Another learning curve i guess...a big learning curve ...
thanks for giving me an opportunity to have my say...
You have done a fab job. No doubt about it. Don't let ANYONE tell you differently.
Hi There - Apricot is right- you have been doing a fantastic job with your daughter. You must do what is best for her but also what is best for you.
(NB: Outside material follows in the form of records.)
Let objective_gap (pi : O -> R) : is_dist pi ->
  objective rp rm beta eps r piref piprev pi
  = (beta * ln Z - c * pp)%:E
    - beta%:E * \esum_(o in [set: O]) kl_gap r lA lB pi piref o.
Proof.
move=> dpi; rewrite /objective -/pp -/mu.
have -> : ((1 - rp - rm) * (succ_prob r pi - pp) / Num.sqrt (mu * (1 - mu) + eps)
          = c * (succ_prob r pi - pp))%R by rewrite /c; ring.
rewrite (KL_tangent_decomposition r _ _ lA_gt0 lB_gt0 _ _ dpi dist_ref).
have G0 : 0 <= \esum_(o in [set: O]) kl_gap r lA lB pi piref o.
  by apply: esum_ge0 => o _; apply: kl_gap_ge0; case: dpi; case: dist_ref.
have lnA : ln lA = (c / beta - ln Z)%R by rewrite /lA ln_div ?posrE ?expR_gt0 // expRK.
have lnB : ln lB = (- ln Z)%R by rewrite /lB ln_div ?posrE // ln1 sub0r.
move: G0; set G := esum _ _; case: G => [g||] //= _.
  rewrite -!EFinD; congr (_%:E).
  rewrite -/P weights_normalized lnA lnB; field.
  by rewrite gt_eqF.
by rewrite addye // (muleC _ +oo) gt0_mulye ?lte_fin // /= !addeNy.
Qed.

Let esum_kl_gap_tilted :
  \esum_(o in [set: O]) kl_gap r lA lB tilted piref o = 0.
Proof.
have [ref0 _] := dist_ref; apply: esum1 => o _.
rewrite /kl_gap /kl_tangent /tilted kl_term_tilt ?subee //.
by rewrite /tilt_weight; case: (r o).
Qed.

Let maximizer_gap_eq0 (pik : O -> R) :
  is_maximizer rp rm beta eps r piref piprev pik ->
  \esum_(o in [set: O]) kl_gap r lA lB pik piref o = 0.
Proof.
move=> [dk maxk]; have := maxk _ tilted_dist.
rewrite !objective_gap // esum_kl_gap_tilted mule0 sube0.
have : 0 <= \esum_(o in [set: O]) kl_gap r lA lB pik piref o.
  by apply: esum_ge0 => o _; apply: kl_gap_ge0; case: dk; case: dist_ref.
case: (esum _ _) => [g||] //=.
  rewrite -EFinD !lee_fin => g0 le_g; congr (_%:E); apply/eqP.
  by rewrite eq_le g0 andbT -(pmulr_rle0 _ beta_gt0); lra.
by rewrite (muleC _ +oo) gt0_mulye ?lte_fin // /= addeNy leeNy_eq.
Qed.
It's no use having a worn out Carer.
 

Paul520785

Well-Known Member
Messages
95
Type of diabetes
Type 1
Treatment type
Insulin
Hi -
I have been T1 for 57 years
I also have had experience of the annoying and unhelpful and totally incorrect instructions.
You are doing the right thing by reading, getting information, and then you must make your own decision as to what will work for you and your daughter.
If you find anything difficult or that you feel should be easier - Stand up and say so.
Keep Going - you are doing brilliantly.
Best Wishes
Paul
 

AndyOD

Well-Known Member
Messages
114
Type of diabetes
Type 1
Treatment type
Insulin
Dislikes
eggs
Hi
I have had T1 for 46 years, I used to be on the mix like your daughter,
I went onto Basal Bolus in 2000 and it was much better for me.
The reason being I could finally properly experiment (which I believe is key) with my dosage.
So when I am high I can give myself more insulin before a meal to bring it down after - and live a more normal life.
It is unfortunate there is no magic to working things out it is trial and error unfortunately
The Basal dose is key though so in theory one could not eat and stay alive with the Basal, so it allows you to
manage the Blood Sugar Levels (BSL) by, ok, normally I have lets say 5 units of insulin before breakfast - I wake up and I am 15mmol/litre (normal range is 3-8 mmol/Litre) so I inject 6 or 7 and test 30,60, 90 and 120 mins, after to see what has happened
This is not fool-proof as there are exterior affects such as (if you get stressed (fight or flight response) or get a cold/ illness - BSL increases)
Unfortunately, as I say, there is no formula - Health care professionals have their limitation, they are not living with the condition 24/7 so I would think that when you discuss anything with them - they are giving their best 'current' knowledge which may be wrong for you as you (as all of us) are unique.